To avoid pumps or holding containers up to the filler, we have a system using a container with a tap, which we place on the dining table(could be any surface above height of filler) and feed a length of hose from tap through window to filler. Simples.

I have done this as a test but in fact even wild camping we have never needed to do it. We carry 20lt container in the garage and I would not like to have to hold that up for long.

Geoff


----------



## CurlyBoy (Jan 13, 2008)

747 said:


> If anyone is looking for a 12 volt submersible pump for any motorhome application, it is worth checking this range out. Whale pumps (and others) are overpriced. These should be just as good and cheaper.
> 
> http://www.cometpumps.biz/


I can vouch for these pumps, I had to replace ours on the caravan(now sold:laugh::laughas the dealer couldn't get a replacement from Hymer quick enough, just as good as the original Reich fitted by Hymer.

curlyboy


----------



## 747 (Oct 2, 2009)

already have the 12 volt external socket fitted to my van near the fresh water filling point. As I have a spare pump, I looked online for the 2 pin plug to fit it. The robbing b*****ds at Whale want over £18 for one. :surprise:

Strangely, if I buy the plug and socket together (including gaskets) it is only around £22.

Work that one out. :frown2:


----------



## IanA (Oct 30, 2010)

We buy 5l containers of water from supermarket - the ones with a carry handle, and then re-use them. The neck just fits inside my filler, and I can decant about 4.5 l per container. We carry two or three, and use them instead of the tank during the winter or when travelling. I have a trolley to take them to the tap, so not too heavy, compact size, relatively cheap - ticks all the boxes except collapsable


----------



## GMJ (Jun 24, 2014)

IanA said:


> We buy 5l containers of water from supermarket - the ones with a carry handle, and then re-use them.
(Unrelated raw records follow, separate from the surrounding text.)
Lemma in_lvars_bind x t ls rs w : ~ In x (tvars t) ->
  In w (lvars (map (tsubst (bind x t)) ls) ++ lvars (map (tsubst (bind x t)) rs)) ->
  w <> x /\ In w (lvars (Var x :: ls) ++ lvars (t :: rs)).
Proof.
  intros Hxt Hw. cbn [lvars flat_map tvars]. rewrite in_app_iff in *.
  destruct Hw as [Hw|Hw]; apply in_lvars_subst in Hw as [z [Hz Hw]];
    apply (in_tvars_bind _ _ _ _ Hxt) in Hw as [Hwx [->|Hw]]; simpl; rewrite ?in_app_iff; tauto.
Qed.

Lemma solved_form_of_elim x t ls rs S : ~ In x (tvars t) ->
  solved_form_of (map (tsubst (bind x t)) ls) (map (tsubst (bind x t)) rs) S ->
  solved_form_of (Var x :: ls) (t :: rs) ((x, tsubst (bindings_subst S) t) :: S).
Proof.
  intros Hxt [[Hnd Hsol] [He Hr]].
  set (V := lvars (Var x :: ls) ++ lvars (t :: rs)).
  set (V' := lvars (map (tsubst (bind x t)) ls) ++ lvars (map (tsubst (bind x t)) rs)).
  assert (HV : forall w, In w V' -> w <> x /\ In w V) by (intros; apply in_lvars_bind; auto).
  assert (Hdom : forall y, In y (dom S) -> y <> x /\ In y V).
  { intros y Hy. apply in_map_iff in Hy as [[y' u] [<- Hin]]. apply HV, (proj1 (Hr _ _ Hin)). }
  assert (Hth : forall w, In w (tvars (tsubst (bindings_subst S) t)) ->
                          ~ In w (dom S) /\ w <> x /\ In w V).
  { intros w Hw. apply in_tvars_tsubst in Hw as [v [Hv Hw]].
    assert (Hrange : forall y u, In (y, u) S -> incl (tvars u) V') by apply Hr.
    destruct (tvars_bindings_subst S V' v w (conj Hnd Hsol) Hrange Hw) as [Hwd [Hw'| ->]].
    - apply HV in Hw'. tauto.
    - split; [|split]; auto; [congruence|]. unfold V. simpl. rewrite !in_app_iff; auto. }
  split; [split|split].
  - constructor; auto. intros Hx. apply Hdom in Hx. tauto.
  - intros y u [Hyu|Hyu] z [<-|Hz] Hzu.
    + injection Hyu as <- <-. apply Hth in Hzu. tauto.
    + injection Hyu as <- <-. apply Hth in Hzu. tauto.
    + apply (Hr _ _ Hyu), HV in Hzu. tauto.
    + exact (Hsol y u Hyu z Hz Hzu).
  - intros s. rewrite unifies_cons.
    assert (Hag : solves_bindings s S -> tsubst s (tsubst (bindings_subst S) t) = tsubst s t).
    { intros Hs. rewrite tsubst_comp. apply tsubst_ext. intros v _.
      apply solves_bindings_subst; auto. }
    split.
    + intros [Hx Hs]. assert (HsS : solves_bindings s S).
      { apply He, unifies_map_tsubst; auto using tsubst_bind. }
      intros y u [Hyu|Hyu]; auto. injection Hyu as <- <-. rewrite Hag; auto.
    + intros Hs. assert (HsS : solves_bindings s S) by (intros y u Hyu; apply Hs; simpl; auto).
      assert (Hx : s x = tsubst s t) by (rewrite <- Hag; auto; apply Hs; simpl; auto).
      split; auto. apply (unifies_map_tsubst s (bind x t)); auto using tsubst_bind. apply He; auto.
  - intros y u [Hyu|Hyu].
    + injection Hyu as <- <-. split; [unfold V; simpl; auto|]. intros w Hw. apply Hth; auto.
    + destruct (Hr _ _ Hyu) as [Hy Hu]. split; [apply HV; auto|]. intros w Hw. apply HV, Hu; auto.
Qed.
Lemma sum_rho_Delta3 (P : lmodType R) (Phi : H -> H -> H -> H -> A -> P) :
  (forall b, quadlin (fun h1 h2 h3 h4 => Phi h1 h2 h3 h4 b)) ->
  (forall h1 h2 h3 h4, islin (Phi h1 h2 h3 h4)) ->
  forall a,
  \sum_(r <- rh a) \sum_(s <- DH r.1) \sum_(r' <- rh r.2) \sum_(s' <- DH r'.1)
     Phi s.1 s.2 s'.1 s'.2 r'.2 =
  \sum_(r <- rh a) \sum_(s <- DH r.1) \sum_(k <- DH s.1) \sum_(k' <- DH k.1)
     Phi k'.1 k'.2 k.2 s.2 r.2.
Proof.
move=> lin_PhiH lin_PhiA a.
transitivity (\sum_(r <- rh a) \sum_(r' <- rh r.2) \sum_(s <- DH r.1)
     \sum_(s' <- DH r'.1) Phi s.1 s.2 s'.1 s'.2 r'.2).
  by apply: eq_bigr => r _; rewrite exchange_big.
rewrite -(sum_rho_coassoc a (F := fun h h' b =>
  \sum_(s <- DH h) \sum_(s' <- DH h') Phi s.1 s.2 s'.1 s'.2 b)).
  apply: eq_bigr => r _.
  by rewrite (sum_Delta3_split BH (lin_PhiH r.2)) -(sum_Delta3_LL BH (lin_PhiH r.2)).
split; [|split] => [h' b|h b|h h'].
- case: (lin_PhiH b) => F1 F2 _ _.
  apply: (islin_sweedler (G := fun u v => \sum_(s' <- DH h') Phi u v s'.1 s'.2 b)).
    exact: cDelta_lin.
  by split=> ?; apply: islin_sum => ?; [apply: F1 | apply: F2].
- case: (lin_PhiH b) => _ _ F3 F4.
  apply: islin_sum => s; apply: (islin_sweedler (G := fun u v => Phi s.1 s.2 u v b)).
    exact: cDelta_lin.
  by split=> ?; [apply: F3 | apply: F4].
- by apply: islin_sum => s; apply: islin_sum => s'; apply: lin_PhiA.
Qed.

Definition v3mul (th th' : C -> C -> A) c d :=
  \sum_(p <- D c) \sum_(q <- D p.1) th p.2 d * th' q.1 q.2.

Lemma kmul_V3E th th' : V3 CA MC th -> bilin th' ->
  forall c d, kmul CA MC th th' c d = v3mul th th' c d.
Proof.
case=> lin_th _ coact_th lin_th' c d.
transitivity (\sum_(p <- D c) \sum_(q <- D p.2) th q.2 d * th' p.1 q.1).
  apply: eq_bigr => p _.
  have := coact_th p.2 d A (fun x a => a * th' p.1 x).
  rewrite big_map big_allpairs_dep /= => -> //.
  by split=> [a|x]; [apply: islin_mulr; apply: lin_th'.2 | apply: islin_mull].
symmetry; apply: (sum_coassoc MC (F := fun x y z => th z d * th' x y)).
split; [|split] => ? ?.
- by apply: islin_mulr; apply: lin_th'.1.
- by apply: islin_mulr; apply: lin_th'.2.
- by apply: islin_mull; apply: lin_th.1.
Qed.

Lemma kmul_normalized_r th th' : V3 CA MC th' -> bilin th -> normalized MC th ->
  forall c d, kmul CA MC th' th c d = th' c d.
Proof.
move=> V3th' lin_th norm_th c d; rewrite kmul_V3E //.
have [lin_th' _ _] := V3th'.
transitivity (\sum_(p <- D c) cEps MC p.1 *: th' p.2 d).
  by apply: eq_bigr => p _; rewrite -mulr_sumr norm_th -scalerAr mulr1.
rewrite -{2}(cCounitl MC c) (islin_big (lin_th'.1 d)).
by apply: eq_bigr => p _; rewrite (islinZ (lin_th'.1 d)).
Qed.

Lemma v3mul_summand_bilin th th' e : bilin th -> bilin th' ->
  bilin (fun x z => \sum_(q <- D x) th z e * th' q.1 q.2).
Proof.
move=> lin_th lin_th'; split=> [z|x].
- exact: islin_sweedler (cDelta_lin MC) (bilin_mulr _ lin_th').
- by apply: islin_sum => q; apply: islin_mull; apply: lin_th.1.
Qed.

Lemma v3mul_bilin th th' : bilin th -> bilin th' -> bilin (v3mul th th').
Proof.
move=> lin_th lin_th'; split=> [d|c].
- exact: islin_sweedler (cDelta_lin MC) (v3mul_summand_bilin d lin_th lin_th').
- by apply: islin_sum => p; apply: islin_sum => q; apply: islin_mull; apply: lin_th.2.
Qed.

Lemma v3mul_act th th' : bilin th -> bilin th' -> forall c h e,
  v3mul th th' (ac c h) e =
  \sum_(p <- D c) \sum_(k <- DH h) \sum_(q <- D p.1) \sum_(k' <- DH k.1)
     th (ac p.2 k.2) e * th' (ac q.1 k'.1) (ac q.2 k'.2).
Proof.
move=> lin_th lin_th' c h e.
rewrite /v3mul (sum_Delta_act _ _ (v3mul_summand_bilin e lin_th lin_th')).
apply: eq_bigr => p _; apply: eq_bigr => k _.
exact: sum_Delta_act (bilin_mulr _ lin_th').
Qed.
(* Consider the toric code setting and the Liouvillian $\mathcal{L}$ described in the context. Let $\ket{\Psi}\in(\mathbb{C}^2)^{\otimes 2}$, let $\rho_{\mathcal{D}}$ be an arbitrary state on the qubits of $\mathcal{D}$, and let $$\rho_0=|\Psi\rangle\langle\Psi|_{\mathcal{A}}\otimes|+\rangle\langle+|^{\otimes 2(L-1)}_{\mathcal{B}\mathcal{B}'}\otimes|0\rangle\langle 0|^{\otimes 2(L-1)}_{\mathcal{C}\mathcal{C}'}\otimes\rho_{\mathcal{D}}.$$ Then for every two-qubit Pauli operator $P=P_1\otimes P_2$, $P_j\in\{I,X,Y,Z\}$, and every $t\ge 0$, $$\mathrm{tr}\big(\overline{P}\,e^{t\mathcal{L}}(\rho_0)\big)=\langle\Psi|P|\Psi\rangle .$$
   Context: Lattice: periodic $L\times L$, vertices $(x,y)\in\mathbb{Z}_L^2$ ($x$ eastwards, $y$ northwards), horizontal edge $h(x,y)$ joining $(x,y),(x+1,y)$, vertical edge $u(x,y)$ joining $(x,y),(x,y+1)$, one qubit per edge ($2L^2$ qubits). Plaquette $p(x,y)$ has boundary edges $h(x,y),h(x,y+1),u(x,y),u(x+1,y)$; the star of vertex $(x,y)$ is $h(x,y),h(x-1,y),u(x,y),u(x,y-1)$. Stabilizers $S_p=\prod Z$ over the boundary of $p$, $S_v=\prod X$ over the star of $v$; $\mathcal{S}$ denotes the set of all plaquettes and vertices; $\mathbf{P}_j^{\pm}=\frac12(I\pm S_j)$. Special plaquette $p_*=p(0,0)$, special vertex $v_*=(1,1)$. Correction operators: $C_{p_*}=C_{v_*}=I$; for $p=p(x,0)$ with $x\neq0$, $C_p=X$ on $u(x+1,0)$; for $p=p(x,y)$ with $y\neq0$, $C_p=X$ on $h(x,y+1)$; for $v=(x,1)$ with $x\neq1$, $C_v=Z$ on $h(x-1,1)$; for $v=(x,y)$ with $y\neq1$, $C_v=Z$ on $u(x,y-1)$. For $j\in\mathcal{S}$ define the channel $\mathcal{T}_j(\rho)=\mathbf{P}_j^+\rho\mathbf{P}_j^++C_j\mathbf{P}_j^-\rho\mathbf{P}_j^-C_j^\dagger$, and $\mathcal{L}=\sum_{j\in\mathcal{S}}(\mathcal{T}_j-\mathrm{id})$. Qubit sets: $A_1=h(0,1)$, $A_2=u(1,0)$, $\mathcal{A}=\{A_1,A_2\}$, $\mathcal{B}=\{h(0,y):y\neq1\}$, $\mathcal{C}=\{h(x,1):x\neq0\}$, $\mathcal{B}'=\{u(x,0):x\neq1\}$, $\mathcal{C}'=\{u(1,y):y\neq0\}$, $\mathcal{D}$ the remaining $2(L-1)^2$ qubits. Logical operators: $\bar X_1=X_{A_1}\prod_{b\in\mathcal{B}}X_b$, $\bar Z_1=Z_{A_1}\prod_{c\in\mathcal{C}}Z_c$, $\bar X_2=X_{A_2}\prod_{b\in\mathcal{B}'}X_b$, $\bar Z_2=Z_{A_2}\prod_{c\in\mathcal{C}'}Z_c$, $\bar Y_j=i\bar X_j\bar Z_j$, $\bar I=I$; for $P=P_1\otimes P_2$ (first factor on $A_1$, second on $A_2$), $\overline{P}=\bar P_1\bar P_2$. $|+\rangle,|0\rangle$ are the $+1$ eigenstates of $X$, $Z$. *)

From HB Require Import structures.
From mathcomp Require Import all_boot all_order all_algebra.
From mathcomp Require Import complex.
From mathcomp Require Import all_classical all_reals all_analysis.
Set Implicit Arguments. Unset Strict Implicit. Unset Printing Implicit Defensive.
Import Order.TTheory GRing.Theory Num.Theory.
Import numFieldNormedType.Exports.
Local Open Scope ring_scope.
We use one of these for fresh drinking water kept inside the MH. I fill it prior to a weekend away and on longer trips from potable sources.

Mrs GMJ wont drink the water from the taps in the MH so we decant this into 2 x water container thingies (1.5 litre containers from £-land...bargain!) and keep them in the fridge. One on the go and one cooling. Works a treat:smile2:

Mind you a 2ltr bottle of water from Aldi is only 17p a go....

Graham:smile2:


----------



## 96299 (Sep 15, 2005)

Paul1234 said:


> Thanks, which Whale pump are you using?
> 
> Paul


Sorry it's a late reply Paul, only just seen this post. This is what I have but don't remember paying quite that much for it....

http://www.ebay.co.uk/itm/Whale-Sel...-Kit-GP1642-/351093314680?hash=item51becad478

Steve


----------



## siggie (Oct 2, 2010)

GMJ said:


> Now use 2 and put in c.20 litres for a tap visit. Two trips and we are sorted for an overnighter.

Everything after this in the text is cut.